Magda Teter (Fordham University), whose new history of the "blood libel" tracks its origins and spread, will join fellow historian David N. Myers (UCLA) to discuss the story of Simon of Trent as a case study in how a new medium – print – accelerated the spread of conspiracy theories.
Simon was a toddler whose dead body was found on Easter Sunday in 1475 in a canal under the home of a Jewish family in the city of Trent, then part of the Holy Roman Empire (now Italy). The town’s Jews were accused of killing Simon as part of a supposed Jewish ritual that required the blood of a Christian child, and the trial resulted in the destruction of Trent’s Jewish community and the creation of a cult with little Simon at its center. As historian Magda Teter notes in her essay on the incident for Leo Baeck Institute's Shared History Project, “The trial had a long-term impact on Jewish history, Catholic history and canon law, and the history of antisemitism.
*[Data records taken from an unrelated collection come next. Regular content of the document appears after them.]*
(* Let $f:\mathbb{R}^n\times\mathbb{R}^m\to\mathbb{R}^n$ be a polynomial map and let $\boldsymbol\psi:\mathbb{R}^n\to\mathbb{R}^m$ be a function whose graph admits the representation \[ \{(x,\boldsymbol\psi(x)) : x\in\mathbb{R}^n\} = \{(x,u)\in\mathbb{R}^n\times\mathbb{R}^m \mid \exists\,\lambda\in\mathbb{R}^{n_\lambda}\ \text{s.t.}\ g(x,u,\lambda)\ge 0,\ h(x,u,\lambda)=0\} \] for some vector-valued polynomial maps $g,h$ (inequalities componentwise). Consider the closed-loop system $x_{k+1} = f(x_k,\boldsymbol\psi(x_k))$. Let \[ \mathbf{K} = \{(x,u,\lambda,x^+,u^+,\lambda^+) \mid x^+ = f(x,u),\ g(x,u,\lambda)\ge 0,\ h(x,u,\lambda)=0,\ g(x^+,u^+,\lambda^+)\ge 0,\ h(x^+,u^+,\lambda^+)=0\}. \] Suppose a continuous function $V:\mathbb{R}^n\times\mathbb{R}^m\times\mathbb{R}^{n_\lambda}\to\mathbb{R}$ satisfies, for all $(x,u,\lambda,x^+,u^+,\lambda^+)\in\mathbf{K}$, \[ V(x^+,u^+,\lambda^+) - V(x,u,\lambda) \le -\|x\|_2^2, \qquad V(x,u,\lambda)\ge 0. \] Then: (1) the closed-loop system is globally attractive, i.e., $x_k\to 0$ for every initial condition $x_0$; (2) if in addition the function $x\mapsto \inf\{\|u\|_2+\|\lambda\|_2 \mid g(x,u,\lambda)\ge 0,\ h(x,u,\lambda)=0\}$ is bounded on some neighborhood of the origin, or $V$ does not depend on $(u,\lambda)$, then the closed-loop system is globally asymptotically stable.
   Context: The closed-loop system $x^+=f(x,\boldsymbol\psi(x))$ is called globally asymptotically stable if (i) for all initial conditions $x_0$, $\lim_{k\to\infty}x_k = 0$ (global attractivity), and (ii) for every $\epsilon>0$ there exists $\delta>0$ such that $\|x_0\|_2\le\delta$ implies $\|x_k\|_2\le\epsilon$ for all $k$ (Lyapunov stability). *)

From HB Require Import structures.
From mathcomp Require Import all_boot all_order all_algebra.
From mathcomp Require Import all_classical all_reals all_analysis.
Set Implicit Arguments. Unset Strict Implicit. Unset Printing Implicit Defensive.
Import Order.TTheory GRing.Theory Num.Theory.
Import numFieldNormedType.Exports.
Local Open Scope classical_set_scope.
Local Open Scope ring_scope.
Its reverberations are still felt today.”
While this incident was not the first or last trial of Jews accused of killing a Christian child, it took on a life of its own because it happened soon after the advent of the printing press. This allowed for the first time a broad dissemination of stories, inspiring literary and artistic productions that became increasingly detached from reality as they spread.
This history matters more than ever today as mis- and dis-information spread in another new medium destabilize institutions and inspire violence.
Magda Teter is Shvidler Chair in Judaic Studies and Professor of History at Fordham University. Her work focuses on early modern religious and cultural history, with emphasis on Jewish-Christian relations, the politics of religion, and transmission of culture among Jews and Christians across Europe in the early modern period. She published numerous articles and books in English, Polish, Italian, and Hebrew. Magda Teter was recently appointed the 2020-2021 National Endowment for the Humanities Senior Fellow at the Center for Jewish History, and she will be working on her current research project, The Dissemination and Uses of the Jewish Past: The Role of The Present in The Production and Politics of History.
David N. Myers is the Sady and Ludwig Kahn Professor of Jewish History at UCLA, where he serves as the director of the UCLA Luskin Center for History and Policy. He is the author or editor of fifteen books in the field of Jewish history, including a forthcoming book with Nomi Stolzenberg on the Satmar Hasidic community of Kiryas Joel, New York. Myers serves as President of the New Israel Fund.